The decision on the IPO marks the end of a long period of uncertainty over plans for the US business, but attention may simply just switch to Asia. Earlier this year, Prudential came under pressure from US hedge fund Third Point, which suggested that the group could generate additional value for shareholders by separating its US and Asian businesses, while closing its head office in London. Analysts at RBC Capital concur, pointing to implied upside based on a sum-of-the-parts valuation using peer group multiples, although this was at the point when markets troughed in March.

It may seem unthinkable that the insurer would up pegs from Holborn Bars after 172 years, but it has long since started looking eastwards for growth opportunities.

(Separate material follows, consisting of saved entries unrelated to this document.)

(* Let $X$ have a pdf $f$ satisfying Conditions (A) and (B) below. Then $$\lim_{\delta\to0}\Big[\mathrm{AoI}(S_{\mathrm z},Q_{\mathrm{uni}}^\delta,F_{\mathrm s})-\tfrac32 H[Q_{\mathrm{uni}}^\delta(X)]\Big]=0.$$
   Context: Let $X$ be a real random variable with pdf $f$. Condition (A): $f$ is continuous and differentiable, and its support is a bounded interval $I$. Condition (B): $\int_I f\log_2^2 f\,dx$ and $-\int_I f\log_2 f\,dx$ exist and are finite. The uniform quantizer $Q_{\mathrm{uni}}^\delta$ partitions $I$ into consecutive cells of length $\delta$. Let $p_i$ be the probability that $X$ lies in cell $i$, and $H[Q_{\mathrm{uni}}^\delta(X)]=-\sum_ip_i\log_2p_i$. The real-valued Shannon code $F_{\mathrm s}$ assigns length $l_i=-\log_2p_i$ to cell $i$, and $L=l_i$ when $X$ is in cell $i$. Under the zero-wait sampler, $\mathrm{AoI}(S_{\mathrm z},Q_{\mathrm{uni}}^\delta,F_{\mathrm s})=\frac{E[L^2]}{2E[L]}+E[L]$. *)

From HB Require Import structures.
From mathcomp Require Import all_boot all_order all_algebra.
From mathcomp Require Import all_classical all_reals all_analysis.

Import Order.TTheory GRing.Theory Num.Theory.
Import numFieldNormedType.Exports.
Local Open Scope classical_set_scope.
Local Open Scope ring_scope.

Definition log2 {R : realType} (x : R) : R := ln x / ln 2.

Definition ncells {R : realType} (a b delta : R) : nat :=
  `|Num.ceil ((b - a) / delta)|%N.

(* index of the cell containing x in [a,b]: cells are consecutive intervals
   [a + k delta, a + (k+1) delta), the last one being closed at b (and
   possibly shorter than delta) *)
Definition cellidx {R : realType} (a b delta x : R) : nat :=
  minn (Num.truncn ((x - a) / delta)) (ncells a b delta).-1.

Definition cell {R : realType} (a b delta : R) (k : nat) : set R :=
  [set x | a <= x <= b /\ cellidx a b delta x = k].

Definition cellprob {R : realType} {d} {T : measurableType d}
  (P : probability T R) (X : {RV P >-> R}) (a b delta : R) (k : nat) : R :=
  fine (P (X @^-1` cell a b delta k)).

Definition H_uni {R : realType} {d} {T : measurableType d}
  (P : probability T R) (X : {RV P >-> R}) (a b delta : R) : R :=
  - \sum_(k < ncells a b delta)
      cellprob P X a b delta k * log2 (cellprob P X a b delta k).

(* Shannon code: l_i = - log2 p_i; L = l_i when X is in cell i *)
Definition EL {R : realType} {d} {T : measurableType d}
  (P : probability T R) (X : {RV P >-> R}) (a b delta : R) : R :=
  \sum_(k < ncells a b delta)
      cellprob P X a b delta k * (- log2 (cellprob P X a b delta k)).

Definition EL2 {R : realType} {d} {T : measurableType d}
  (P : probability T R) (X : {RV P >-> R}) (a b delta : R) : R :=
  \sum_(k < ncells a b delta)
      cellprob P X a b delta k * (- log2 (cellprob P X a b delta k)) ^+ 2.

Definition AoI_z_uni_s {R : realType} {d} {T : measurableType d}
  (P : probability T R) (X : {RV P >-> R}) (a b delta : R) : R :=
  EL2 P X a b delta / (2 * EL P X a b delta) + EL P X a b delta.

From HB Require Import structures.
From mathcomp Require Import all_boot all_order all_algebra.
From mathcomp Require Import all_classical all_reals all_analysis.
From mathcomp Require Import ring lra zify.
Import Order.TTheory GRing.Theory Num.Theory.
Import numFieldNormedType.Exports.
Local Open Scope classical_set_scope.
Local Open Scope ring_scope.

(* The density f is continuous on the compact support [a, b] and vanishes
   outside it, so f <= M for some M >= 1 and every cell has probability
   p_k <= M δ.  For the Shannon code the mean length E[L] is the entropy H, so
   AoI - 3/2 H = Var(L) / (2 E[L]).  The mean E[L] >= - log2 (M δ) tends to
   +oo, whereas Var(L) <= E[(L + log2 δ)^2] = Σ_k δ u_k log2^2 u_k with
   u_k = p_k / δ <= M: since u ln^2 u is bounded on (0, M] and there are fewer
   than (b - a)/δ + 1 cells, the variance stays bounded as δ -> 0. *)

Lemma ln2_gt0 {R : realType} : 0 < ln (2 : R).
Proof. by apply: ln_gt0; rewrite ltr1n. Qed.

Lemma mul_ln_sqr_le {R : realType} (M u : R) :
  1 <= M -> 0 < u <= M -> u * ln u ^+ 2 <= 4 + M ^+ 3.
Proof.
move=> M1 /andP[u0 uM].
have [u1|u1] := leP u 1.
- (* with s = sqrt u, ln s >= 1 - 1/s gives |s ln s| <= 1,
     hence u ln^2 u = 4 (s ln s)^2 <= 4 *)
  set s := Num.sqrt u.
  have s0 : 0 < s by rewrite sqrtr_gt0.
  have s1 : s <= 1 by rewrite -sqrtr1 ler_sqrt.
  have ss : u = s * s by rewrite -expr2 sqr_sqrtr // ltW.
  have lnsN : ln s <= 0 by exact: ln_le0.
  have lnsV : - ln s <= s^-1 - 1.
    rewrite -lnV ?posrE //; have := @le_ln1Dx R (s^-1 - 1).
    rewrite addrCA subrr addr0; apply.
    have : 0 < s^-1 by rewrite invr_gt0.
    lra.
  have slns : - ln s * s <= 1 - s.
    by have := ler_wpM2r (ltW s0) lnsV; rewrite mulrBl mulVf ?gt_eqF // mul1r.
  have M3 : 0 <= M ^+ 3 by rewrite exprn_ge0 // (le_trans ler01).
  rewrite ss lnM ?posrE //.
  have : 0 <= - ln s * s by rewrite mulr_ge0 ?oppr_ge0 // ltW.
  nra.
- have l0 : 0 <= ln u by apply/ln_ge0/ltW.
  have l1 : ln u <= u - 1.
    by have := @le_ln1Dx R (u - 1); rewrite addrCA subrr addr0; apply; lra.
  rewrite !exprS expr0 !mulr1.
  have : u * (ln u * ln u) <= M * (M * M).
    by apply: ler_pM; rewrite ?mulr_ge0 //; [exact: ltW|nra].
  lra.
Qed.

Section FiniteMoments.
Context {R : realDomainType} {N : nat} {p : 'I_N -> R}.
Hypothesis p_ge0 : forall k, 0 <= p k.
Hypothesis p_sum1 : \sum_k p k = 1.

Lemma sum_sqr_dev (l : 'I_N -> R) (c : R) :
  \sum_k p k * (l k - c) ^+ 2 =
  (\sum_k p k * l k ^+ 2 - (\sum_k p k * l k) ^+ 2) +
  (\sum_k p k * l k - c) ^+ 2.
Proof.
have -> : \sum_k p k * (l k - c) ^+ 2 =
    \sum_k (p k * l k ^+ 2 - 2 * c * (p k * l k) + c ^+ 2 * p k).
  by apply: eq_bigr => k _; ring.
rewrite big_split /= sumrB -!mulr_sumr p_sum1; ring.
Qed.

Lemma variance_ge0 (l : 'I_N -> R) :
  0 <= \sum_k p k * l k ^+ 2 - (\sum_k p k * l k) ^+ 2.
Proof.
have := sum_sqr_dev l (\sum_k p k * l k); rewrite subrr expr0n addr0 => <-.
by apply: sumr_ge0 => k _; rewrite mulr_ge0 // sqr_ge0.
Qed.

Lemma variance_le_sum_sqr_dev (l : 'I_N -> R) (c : R) :
  \sum_k p k * l k ^+ 2 - (\sum_k p k * l k) ^+ 2 <=
  \sum_k p k * (l k - c) ^+ 2.
Proof. by rewrite sum_sqr_dev lerDl sqr_ge0. Qed.

End FiniteMoments.

Section ShannonCode.
Context {R : realType} {M δ : R}.
Hypothesis M_ge1 : 1 <= M.
Hypothesis δ_gt0 : 0 < δ.

Lemma shannon_dev_le (q : R) : 0 <= q <= M * δ ->
  q * (- log2 q - - log2 δ) ^+ 2 <= δ * ((4 + M ^+ 3) / ln 2 ^+ 2).
Proof.
move=> /andP[q0 qM].
have l22 : 0 < ln (2 : R) ^+ 2 by rewrite exprn_gt0 ?ln2_gt0.
have [->|q_neq0] := eqVneq q 0.
  rewrite mul0r mulr_ge0 ?(ltW δ_gt0) // divr_ge0 ?(ltW l22) //.
  by rewrite addr_ge0 // exprn_ge0 // (le_trans ler01).
have q_gt0 : 0 < q by rewrite lt_neqAle eq_sym q_neq0.
set u := q / δ.
have u_gt0 : 0 < u by rewrite divr_gt0.
have uM : u <= M by rewrite ler_pdivrMr.
have qE : q = δ * u by rewrite /u mulrC divfK // gt_eqF.
have -> : - log2 q - - log2 δ = - (ln u / ln 2).
  rewrite /log2 /u lnM ?posrE ?invr_gt0 // lnV ?posrE //.
  by field; rewrite gt_eqF ?ln2_gt0.
rewrite sqrrN qE expr_div_n -mulrA ler_pM2l // mulrA ler_pM2r ?invr_gt0 //.
by apply: mul_ln_sqr_le; rewrite // u_gt0.
Qed.

Lemma shannon_len_ge (q : R) :
  0 <= q <= M * δ -> q * - log2 (M * δ) <= q * - log2 q.
Proof.
move=> /andP[q0 qM].
have [->|q_neq0] := eqVneq q 0; first by rewrite !mul0r.
have q_gt0 : 0 < q by rewrite lt_neqAle eq_sym q_neq0.
rewrite ler_pM2l // lerN2 /log2 ler_pM2r ?invr_gt0 ?ln2_gt0 // ler_ln ?posrE //.
by rewrite mulr_gt0 // (lt_le_trans ltr01).
Qed.

Context {N : nat} {p : 'I_N -> R}.
Hypothesis p_ge0 : forall k, 0 <= p k.
Hypothesis p_sum1 : \sum_k p k = 1.
Hypothesis p_le : forall k, p k <= M * δ.

Lemma shannon_variance_le :
  \sum_k p k * (- log2 (p k)) ^+ 2 - (\sum_k p k * - log2 (p k)) ^+ 2 <=
  N%:R * δ * ((4 + M ^+ 3) / ln 2 ^+ 2).
Proof.
apply: (le_trans (variance_le_sum_sqr_dev p_sum1 _ (- log2 δ))).
have -> : N%:R * δ * ((4 + M ^+ 3) / ln 2 ^+ 2) =
    \sum_(k < N) δ * ((4 + M ^+ 3) / ln 2 ^+ 2).
  by rewrite sumr_const card_ord -mulrA mulr_natl.
apply: ler_sum => k _.
by apply: shannon_dev_le; rewrite p_ge0 p_le.
Qed.

Lemma shannon_mean_ge : - log2 (M * δ) <= \sum_k p k * - log2 (p k).
Proof.
rewrite -[X in X <= _]mul1r -p_sum1 mulr_suml; apply: ler_sum => k _.
by apply: shannon_len_ge; rewrite p_ge0 p_le.
Qed.

End ShannonCode.

Section Cells.
Context {R : realType}.
Variables (a b δ : R).
Hypothesis ab : a < b.
Hypothesis δ_gt0 : 0 < δ.

Local Notation N := (ncells a b δ).

Let ncellsE : N%:R = (Num.ceil ((b - a) / δ))%:~R :> R.
Proof.
by rewrite /ncells natr_absz gtr0_norm // ceil_gt0 // divr_gt0 // subr_gt0.
Qed.

Lemma ncells_gt0 : (0 < N)%N.
Proof. by rewrite -(ltr0n R) ncellsE ltr0z ceil_gt0 // divr_gt0 // subr_gt0. Qed.

Lemma ncells_bounds : b - a <= N%:R * δ < b - a + δ.
Proof.
have /andP[lt le] := ceil_itv ((b - a) / δ).
rewrite intrB ltr_pdivlMr // in lt; rewrite ler_pdivrMr // in le.
rewrite ncellsE le /=; lra.
Qed.

Lemma cellidx_lt x : (cellidx a b δ x < N)%N.
Proof. by have := ncells_gt0; rewrite /cellidx; lia. Qed.

Lemma cellidx_ge k x : a <= x ->
  (k <= cellidx a b δ x)%N = (k <= N.-1)%N && (a + k%:R * δ <= x).
Proof.
move=> ax; rewrite /cellidx leq_min andbC.
rewrite truncn_ge_nat ?divr_ge0 ?subr_ge0 ?(ltW δ_gt0) //.
by rewrite ler_pdivlMr // lerBrDl.
Qed.

Lemma cell_sub k x : cell a b δ k x -> a + k%:R * δ <= x <= a + k.+1%:R * δ.
Proof.
case=> /andP[ax xb] xk.
have := cellidx_ge k x ax; rewrite xk leqnn => /esym/andP[kN ->] /=.
have := cellidx_ge k.+1 x ax; rewrite xk ltnn => /esym/nandP[kN'|]; last first.
  by rewrite -ltNge => /ltW.
have -> : k.+1 = N by move: kN kN'; have := ncells_gt0; lia.
by have /andP[+ _] := ncells_bounds; lra.
Qed.

Let cellidx_ge_set k := [set x | a <= x <= b /\ (k <= cellidx a b δ x)%N].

As the group has previously pointed out, insurance penetration in Asia is only 2.7 per cent of gross domestic product, compared with 7.5 per cent in the UK, while mutual fund penetration is just 12 per cent in Asia, compared with 96 per cent in the US.

It is a gap that needs to be filled, a reality brought home by the rapid growth in the number of open-ended equity and balanced funds in China. Their aggregate value has more than doubled over the past 12-months, providing support to the mainland SSE index, which is up by a fifth over the same period, despite the US spat and the virus outbreak originating in Hubei Province.

The space may be getting a little more crowded, but it still represents a huge opportunity, even though the market still values the group as a mature, low-growth affair, rather than one likely to benefit from its Asian exposure. The correlation between market value and projected earnings growth suggests that the stock could be fundamentally undervalued, arguably a point borne out by an average five-year price/book ratio of 2.7. Return on equity has averaged 15.6 per cent over the same period, much of which is derived from its Asian operations.

Prudential’s Asian businesses are expanding on the back of two main structural drivers: a rapid increase in median incomes and the demographic transition towards an ageing populace. It is a heady brew and it underpins a business which Daniel Loeb, the founder of Third Point, reckons “would be worth well in excess of Prudential’s current market capitalisation” if it was spun off as a standalone entity.

On the income front, payouts are now expected to “grow broadly in line with the growth in Asia operating free surplus generation net of right-sized central costs” – admittedly, a little vague, but the intervention of an activist investor would seem to have resulted in further onus being placed on reinvestment in Asia at the expense of share-based returns. That's hardly surprising given the prize on offer, but, like HSBC Holdings (HSBA), the group has gradually morphed into a primarily Asian business.